I’ve recently been haunted by Kathleen Flake’s statement from last month: “Mormonism is a pre-modern religion full of miracles and grand providential acts of God.” My concern with the status of Mormonism in the modern and postmodern world is one of the main topics of my blogging. The assessment of Mormonism as a premodern religion strikes fear into my heart, not because it isn’t (partly) true, but because I really don’t want it to be in the future.


What is the place of a religion which is premodern and precritical in the postmodern world? In the introduction of Slavoj Zizek’s The Puppet and the Dwarf: The Perverse Core of Christianity, he describes the dialogue between intellectuals about religion that goes something like this: “Okay, let’s cut the crap. Do you really believe in some kind of divine or not?” The response is something stuttered, a bit caught off guard, like, “Well, that’s not the right question. It has something to do with a radical experience, an openness to radical Otherness, not about belief,” etc, etc.

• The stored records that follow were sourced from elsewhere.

Lemma is_residue_twisted_comb (Q : F -> int) (yQ : nat -> K) j s (a b c : int) A0 A f :
  (0 < s)%N ->
  (forall k, (k < s)%N ->
     rational_place iota (twist Q (j + k)) /\ D (twist Q (j + k)) = 0) ->
  (forall k, (k < s)%N -> yQ (j + k)%N = residue iota (twist Q (j + k)) f) ->
  inL iota (scale_div a D) A0 ->
  (forall k, (1 <= k <= s)%N -> inL iota (scale_div b D) (A k)) ->
  inL iota (scale_div c D) f ->
  is_residue iota (twist Q j) (A0 + \sum_(1 <= k < s.+1) A k * iter k.-1 tau f)
    (residue iota (twist Q j) A0 +
     \sum_(1 <= k < s.+1) residue iota (twist Q j) (A k) * yQ (j + k - 1)%N).
Proof.
move=> s_gt0 Q_rat y_res A0_L A_L f_L.
have L_ge0 k d z : (k < s)%N -> inL iota (scale_div d D) z -> val_ge (twist Q (j + k)) 0 z.
  move=> k_s /inL_val_ge z_L; have [[v_place _] D0] := Q_rat k k_s.
  by have := z_L _ v_place; rewrite /scale_div D0 mulr0 oppr0.
have [Qj_rat _] := Q_rat 0%N s_gt0; rewrite addn0 in Qj_rat.
have Qj_ge0 d z : inL iota (scale_div d D) z -> val_ge (twist Q j) 0 z.
  by move/(L_ge0 0%N _ _ s_gt0); rewrite addn0.
apply: (is_residueD (proj1 Qj_rat) (residueP Qj_rat (Qj_ge0 _ _ A0_L))).
apply: (is_residue_sum (proj1 Qj_rat)) => k; rewrite mem_index_iota => k_s.
have k1_s : (k.-1 < s)%N by lia.
have -> : (j + k - 1 = j + k.-1)%N by lia.
apply: (is_residueM (proj1 Qj_rat) _ (residueP Qj_rat (Qj_ge0 _ _ (A_L k k_s)))).
  exact: (val_ge_iter_tau sigmaK tauK) (L_ge0 _ _ _ k1_s f_L).
apply: (is_residue_iter_tau sigmaK tauK sigma_iota); rewrite y_res //.
exact: residueP (proj1 (Q_rat _ k1_s)) (L_ge0 _ _ _ k1_s f_L).
Qed.

Lemma twist_placesP N (P : 'I_N -> F -> int) (S : {set 'I_N}) b q :
  q \in [seq twist (P i) j | i <- enum S, j <- index_iota 0 b] ->
  exists i j, [/\ i \in S, (j < b)%N & q = twist (P i) j].
Proof.
case/allpairsP=> -[i j] [i_S j_b ->]; exists i, j.
by move: i_S j_b; rewrite mem_enum mem_index_iota.
Qed.

Lemma twist_places_uniq N m (P : 'I_N -> F -> int) (S : {set 'I_N}) b :
  (b <= m)%N ->
  (forall i i' (j j' : 'I_m), twist (P i) j = twist (P i') j' -> i = i' /\ j = j') ->
  uniq [seq twist (P i) j | i <- enum S, j <- index_iota 0 b].
Proof.
move=> b_m P_inj; apply: allpairs_uniq; [exact: enum_uniq | exact: iota_uniq |].
move=> _ _ /allpairsP[[i j] [_ + ->]] /allpairsP[[i' j'] [_ + ->]] /=.
rewrite !mem_index_iota /= => j_b j'_b eq_twist.
have [j_m j'_m] : (j < m)%N /\ (j' < m)%N by lia.
by have [-> [->]] := P_inj i i' (Ordinal j_m) (Ordinal j'_m) eq_twist.
Qed.

End TwistedCombination.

Zizek responds, “What we are getting today is a kind of ‘suspended’ belief, a belief that can thrive as not fully (publicly) admitted, as a private obscene secret.” (6). He speaks about the distancing from belief involved in those who follow the “customs” or “culture” of religion without really believing. Culture, he argues, is all of those things that we don’t directly believe. In this regard, “we ultimately perceive as a threat to culture those who live their culture immediately, those who lack a distance toward it.” (7) This assessment seems to perfectly capture the culture-wars internal to Mormonism, where each side perceives the other as a threat to the culture of Mormonism itself; one because it establishes a critical distance between the believer and the belief, and the other because it refuses to do so.

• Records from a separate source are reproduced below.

(* (i) There exists a set $A \subseteq \mathbb{N}$ that contains arithmetic progressions of every finite length but is not fractionally dense. (ii) There exists a set $A \subseteq \mathbb{N}$ that is fractionally dense but contains no arithmetic progression of length $3$ or more.
   Context: $\mathbb{N} = \{1,2,3,\ldots\}$. For $A \subseteq \mathbb{N}$, the quotient set is $R(A) = \{a/a' : a, a' \in A\}$, and $A$ is called fractionally dense if the closure of $R(A)$ in $\mathbb{R}$ equals $[0,\infty)$. An arithmetic progression of length $n$ in $A$ is a sequence $c, c+d, c+2d, \ldots, c+(n-1)d$ of elements of $A$ with $d \geq 1$ an integer. *)

From Stdlib Require Import Reals Lra Lia.
Open Scope R_scope.

(* Subsets of N = {1,2,3,...}: predicates on nat all of whose elements are >= 1. *)
Definition subset_posnat (A : nat -> Prop) : Prop := forall a, A a -> (1 <= a)%nat.

Definition quotient_set (A : nat -> Prop) (r : R) : Prop :=
  exists a a', A a /\ A a' /\ r = INR a / INR a'.

Definition closure_R (S : R -> Prop) (x : R) : Prop :=
  forall eps, 0 < eps -> exists y, S y /\ Rabs (y - x) < eps.

Definition fractionally_dense (A : nat -> Prop) : Prop :=
  forall x : R, closure_R (quotient_set A) x <-> 0 <= x.

Definition has_AP (A : nat -> Prop) (n : nat) : Prop :=
  exists c d : nat, (1 <= d)%nat /\ forall i : nat, (i < n)%nat -> A (c + i * d)%nat.

(* (i) The union of the blocks [10^k, 2 10^k] contains runs of consecutive
   integers of every length, but a quotient of two of its elements is at most
   2 or at least 5, so 3 is not a limit of quotients.
   (ii) Enumerate all pairs (n, m) of positive integers and let the k-th block
   be {n M_k, m M_k} for the k-th pair, where M_k grows so fast that every
   element of a block is less than half of every element of the next blocks.
   Each positive rational n/m is then a quotient.  In a 3-term progression
   a < b < c we have c < 2b, which forces b and c into a common block k; then
   a = 2b - c is a positive multiple of M_k, hence also in block k, but a block
   has at most two elements. *)

From Stdlib Require Import Reals Lra Lia Cantor ZArith.
Open Scope R_scope.

Lemma quotient_set_nonneg (A : nat -> Prop) (r : R) : quotient_set A r -> 0 <= r.
Proof.
  intros [a [a' [_ [_ ->]]]].
  unfold Rdiv; apply Rmult_le_pos; [apply pos_INR |].
  destruct a' as [| a'].
  - simpl; rewrite Rinv_0; lra.
  - left; apply Rinv_0_lt_compat, lt_0_INR; lia.
Qed.

Lemma exists_nat_between (y : R) : 0 <= y -> exists n : nat, y < INR n <= y + 1.
Proof.
  intros Hy. destruct (archimed y) as [Hup Hup1].
  exists (Z.to_nat (up y)).
  rewrite INR_IZR_INZ, Z2Nat.id by (apply le_IZR; lra).
  lra.
Qed.

Lemma positive_fraction_approx (x eps : R) : 0 <= x -> 0 < eps ->
  exists n m : nat, (1 <= n)%nat /\ (1 <= m)%nat /\ Rabs (INR n / INR m - x) < eps.
Proof.
  intros Hx Heps.
  destruct (archimed_cor1 eps Heps) as [m [Hm Hm1]].
  assert (Hmpos : 0 < INR m) by (apply lt_0_INR; lia).
  destruct (exists_nat_between (x * INR m)) as [n [Hn Hn1]]; [nra |].
  assert (Hinv : 0 < / INR m) by (apply Rinv_0_lt_compat; lra).
  exists n, m. split; [| split; [lia |]].
  - destruct n; [simpl in Hn; nra | lia].
  - replace (INR n / INR m - x) with ((INR n - x * INR m) * / INR m) by (field; lra).
    rewrite Rabs_right by nra.
    nra.
Qed.

Lemma fractionally_dense_of_positive_fractions (A : nat -> Prop) :
  (forall n m : nat, (1 <= n)%nat -> (1 <= m)%nat -> quotient_set A (INR n / INR m)) ->
  fractionally_dense A.
Proof.
  intros Hfrac x; split.
  - intros Hcl. destruct (Rle_or_lt 0 x) as [Hx | Hx]; [exact Hx |].
    destruct (Hcl (- x)) as [y [Hy Hyx]]; [lra |].
    pose proof (quotient_set_nonneg A y Hy). apply Rabs_def2 in Hyx. lra.
  - intros Hx eps Heps.
    destruct (positive_fraction_approx x eps Hx Heps) as [n [m [Hn [Hm Happrox]]]].
    exists (INR n / INR m). auto.
Qed.

Lemma not_fractionally_dense_of_quotient_gap (A : nat -> Prop) (p q : R) :
  0 <= p < q ->
  (forall a b, A a -> A b -> INR a / INR b <= p \/ q <= INR a / INR b) ->
  ~ fractionally_dense A.
Proof.
  intros Hpq Hgap Hdense.
  destruct (proj2 (Hdense ((p + q) / 2)) ltac:(lra) ((q - p) / 2)) as [y [Hy Hyx]]; [lra |].
  destruct Hy as [a [b [Ha [Hb ->]]]].
  apply Rabs_def2 in Hyx. destruct (Hgap a b Ha Hb); lra.
Qed.

Lemma has_AP_of_consecutive (A : nat -> Prop) (n c : nat) :
  (forall i, (i < n)%nat -> A (c + i)%nat) -> has_AP A n.
Proof.
  intros Hrun. exists c, 1%nat. split; [lia |].
  intros i Hi. rewrite Nat.mul_1_r. auto.
Qed.

Lemma not_has_AP_of_no_3AP (A : nat -> Prop) (n : nat) :
  (forall a b c, A a -> A b -> A c -> (a < b < c)%nat -> (a + c <> 2 * b)%nat) ->
  (3 <= n)%nat -> ~ has_AP A n.
Proof.
  intros Hno3 Hn [c [d [Hd HAP]]].
  apply (Hno3 (c + 0 * d) (c + 1 * d) (c + 2 * d))%nat; try (apply HAP); lia.
Qed.

Definition decade_blocks (a : nat) : Prop := exists k, (10 ^ k <= a <= 2 * 10 ^ k)%nat.

Lemma decade_blocks_pos : subset_posnat decade_blocks.
Proof. intros a [k Hk]. pose proof (Nat.pow_nonzero 10 k). lia. Qed.

Lemma decade_blocks_gap (a b : nat) :
  decade_blocks a -> decade_blocks b -> (a <= 2 * b \/ 5 * b <= a)%nat.
Proof.
  intros [k Hk] [j Hj].
  destruct (le_lt_dec k j) as [Hkj | Hjk].
  - left. pose proof (Nat.pow_le_mono_r 10 k j ltac:(lia) Hkj). lia.
  - right. pose proof (Nat.pow_le_mono_r 10 (S j) k ltac:(lia) Hjk). simpl in *. lia.
Qed.

Lemma decade_blocks_quotient_gap (a b : nat) : decade_blocks a -> decade_blocks b ->
  INR a / INR b <= 2 \/ 5 <= INR a / INR b.
Proof.
  intros Ha Hb.
  assert (Hbpos : 0 < INR b) by (apply lt_0_INR, decade_blocks_pos, Hb).
  assert (Ha_eq : INR a = INR a / INR b * INR b) by (field; lra).
  destruct (decade_blocks_gap a b Ha Hb) as [Hgap | Hgap]; apply le_INR in Hgap;
    rewrite mult_INR in Hgap; simpl in Hgap; [left | right]; nra.
Qed.

Lemma decade_blocks_has_AP (n : nat) : has_AP decade_blocks n.
Proof.
  apply (has_AP_of_consecutive _ n (10 ^ n)).
  intros i Hi. exists n. pose proof (Nat.pow_gt_lin_r 10 n). lia.
Qed.

Lemma long_APs_not_fractionally_dense : exists A : nat -> Prop,
  subset_posnat A /\ (forall n : nat, has_AP A n) /\ ~ fractionally_dense A.
Proof.
  exists decade_blocks. split; [| split].
  - exact decade_blocks_pos.
  - exact decade_blocks_has_AP.
  - apply (not_fractionally_dense_of_quotient_gap _ 2 5); [lra |].
    exact decade_blocks_quotient_gap.
Qed.

Definition scale (k : nat) : nat := 4 ^ (k * k).

(* Block [k] is {n M_k, m M_k}, where (n - 1, m - 1) is the k-th pair in
   Cantor's enumeration of [nat * nat]. *)
Definition in_block (k a : nat) : Prop :=
  exists u, (u = fst (of_nat k) + 1 \/ u = snd (of_nat k) + 1)%nat /\ a = (u * scale k)%nat.

Definition pair_blocks (a : nat) : Prop := exists k, in_block k a.

Lemma scale_pos (k : nat) : (1 <= scale k)%nat.
Proof. unfold scale. pose proof (Nat.pow_nonzero 4 (k * k)). lia. Qed.

Lemma scale_le_mono (k j : nat) : (k <= j)%nat -> (scale k <= scale j)%nat.
Proof. intros Hkj. apply Nat.pow_le_mono_r; [lia | nia]. Qed.

Lemma scale_succ (k : nat) : (2 * (k + 1) * scale k < scale (S k))%nat.
Proof.
  unfold scale. replace (S k * S k)%nat with (k * k + (2 * k + 1))%nat by lia.
  rewrite Nat.pow_add_r.
  assert (Hgrowth : (2 * (k + 1) < 4 ^ (2 * k + 1))%nat).
  { rewrite Nat.pow_add_r, Nat.pow_mul_r. pose proof (Nat.pow_gt_lin_r 16 k). simpl. lia. }
  pose proof (Nat.pow_nonzero 4 (k * k)). nia.
Qed.

Lemma block_factor_bound (k u : nat) :
  (u = fst (of_nat k) + 1 \/ u = snd (of_nat k) + 1)%nat -> (1 <= u <= k + 1)%nat.
Proof.
  intros Hu. pose proof (cancel_to_of k) as Hk.
  destruct (of_nat k) as [x y]. pose proof (to_nat_non_decreasing x y). simpl in Hu. lia.
Qed.

Lemma in_block_ge (k a : nat) : in_block k a -> (scale k <= a)%nat.
Proof. intros [u [Hu ->]]. apply block_factor_bound in Hu. nia. Qed.

Lemma in_block_lt_half (k j a : nat) : (k < j)%nat -> in_block k a -> (2 * a < scale j)%nat.
Proof.
  intros Hkj [u [Hu ->]]. apply block_factor_bound in Hu.
  pose proof (scale_succ k). pose proof (scale_le_mono (S k) j Hkj).
  assert (u * scale k <= (k + 1) * scale k)%nat by (apply Nat.mul_le_mono_r; lia).
  lia.
Qed.

Lemma in_block_index_mono (k j a b : nat) :
  in_block k a -> in_block j b -> (a <= b)%nat -> (k <= j)%nat.
Proof.
  intros Ha Hb Hab. destruct (le_lt_dec k j) as [Hkj | Hjk]; [exact Hkj |].
  pose proof (in_block_lt_half j k b Hjk Hb). pose proof (in_block_ge k a Ha). lia.
Qed.

Lemma in_block_divide (k a : nat) : in_block k a -> Nat.divide (scale k) a.
Proof. intros [u [_ ->]]. exists u. reflexivity. Qed.

Lemma in_block_at_most_two (k a b c : nat) :
  in_block k a -> in_block k b -> in_block k c -> ~ (a < b < c)%nat.
Proof.
  intros [u [Hu ->]] [v [Hv ->]] [w [Hw ->]].
  destruct Hu as [-> | ->], Hv as [-> | ->], Hw as [-> | ->]; lia.
Qed.

Lemma pair_blocks_no_3AP (a b c : nat) :
  pair_blocks a -> pair_blocks b -> pair_blocks c -> (a < b < c)%nat -> (a + c <> 2 * b)%nat.
Proof.
  intros [i Ha] [j Hb] [k Hc] Habc Hsum.
  pose proof (in_block_index_mono i j a b Ha Hb ltac:(lia)) as Hij.
  pose proof (in_block_index_mono j k b c Hb Hc ltac:(lia)) as Hjk.
  assert (Hjk_eq : j = k).
  { destruct (Nat.eq_dec j k) as [E | Hjk_ne]; [exact E |].
    pose proof (in_block_lt_half j k b ltac:(lia) Hb). pose proof (in_block_ge k c Hc). lia. }
  subst k.
  destruct (Nat.eq_dec i j) as [-> | Hij_ne].
  - exact (in_block_at_most_two j a b c Ha Hb Hc Habc).
  - assert (Hdiv : Nat.divide (scale j) a).
    { replace a with (2 * b - c)%nat by lia.
      apply Nat.divide_sub_r;
        [apply Nat.divide_mul_r, in_block_divide, Hb | apply in_block_divide, Hc]. }
    assert (Hapos : (0 < a)%nat) by (pose proof (in_block_ge i a Ha); pose proof (scale_pos i); lia).
    pose proof (Nat.divide_pos_le (scale j) a Hapos Hdiv).
    pose proof (in_block_lt_half i j a ltac:(lia) Ha). lia.
Qed.

Lemma pair_blocks_pos : subset_posnat pair_blocks.
Proof. intros a [k Ha]. pose proof (in_block_ge k a Ha). pose proof (scale_pos k). lia. Qed.

Lemma pair_blocks_fractionally_dense : fractionally_dense pair_blocks.
Proof.
  apply fractionally_dense_of_positive_fractions. intros n m Hn Hm.
  set (k := to_nat (n - 1, m - 1)%nat).
  assert (Hk : of_nat k = (n - 1, m - 1)%nat) by apply cancel_of_to.
  exists (n * scale k)%nat, (m * scale k)%nat. split; [| split].
  - exists k, n. rewrite Hk. simpl. split; [left | reflexivity]; lia.
  - exists k, m. rewrite Hk. simpl. split; [right | reflexivity]; lia.
  - assert (Hscale : 0 < INR (scale k)) by (apply lt_0_INR; pose proof (scale_pos k); lia).
    assert (Hmpos : 0 < INR m) by (apply lt_0_INR; lia).
    rewrite !mult_INR. field. lra.
Qed.

Lemma fractionally_dense_no_3APs : exists A : nat -> Prop,
  subset_posnat A /\ fractionally_dense A /\ (forall n : nat, (3 <= n)%nat -> ~ has_AP A n).
Proof.
  exists pair_blocks. split; [| split].
  - exact pair_blocks_pos.
  - exact pair_blocks_fractionally_dense.
  - intros n. apply not_has_AP_of_no_3AP, pair_blocks_no_3AP.
Qed.

Theorem mainTheorem4 :
  (exists A : nat -> Prop,
     subset_posnat A /\ (forall n : nat, has_AP A n) /\ ~ fractionally_dense A) /\
  (exists A : nat -> Prop,
     subset_posnat A /\ fractionally_dense A /\ (forall n : nat, (3 <= n)%nat -> ~ has_AP A n)).
Proof. split; [exact long_APs_not_fractionally_dense | exact fractionally_dense_no_3APs]. Qed.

The struggle between the immediacy of religious experience and the distance (or even disenchantment) defines the modern religious community. For Zizek, he sees three acceptable religious options in the postsecular world: 1) the return to polytheistic premodern religions where there is no cultural “distance” between religion and the practitioner; 2) a sort of mysticism or vague spirituality rooted in Judaism or Gnostic Christianity that sees the divine as totally Other; and 3) what he sees as a Pauline organization of a community that is distanced from the historical Christ, seeing Christ as a set of fundamental principles. This last one he represents as the result of the Hegelian synthesis of the first two. Mormonism, one may say, is variously rooted in all three options, providing a reenchantment, a mysterium, and a community rooted in largely secular ethics. Yet, at the same time, Mormonism seems to reject all three as well.

So, let’s cut the crap. Is Mormonism necessarily premodern, offering unmediated access to an enchanted world that one either believes or doesn’t (as Flake’s formulation suggests)? Or, is Mormonism a source of a vague “spirituality”? For me, the answer is neither. But that third option is harder to articulate. In fact, this post has sat for a few months precisely because I can’t yet articulate it. The answer is one that is situated in a postsecular openness to religion, but what hangs on the answer is more than just defining Mormonism, but rather religious subjectivity itself. Zizek seems to foreclose the option of “suspended belief” at the outset, but I’m not so sure I am ready to give up that “private obscene secret” yet.I’ve been rather fond of it. For me at least, there is a lot more crap to cut still.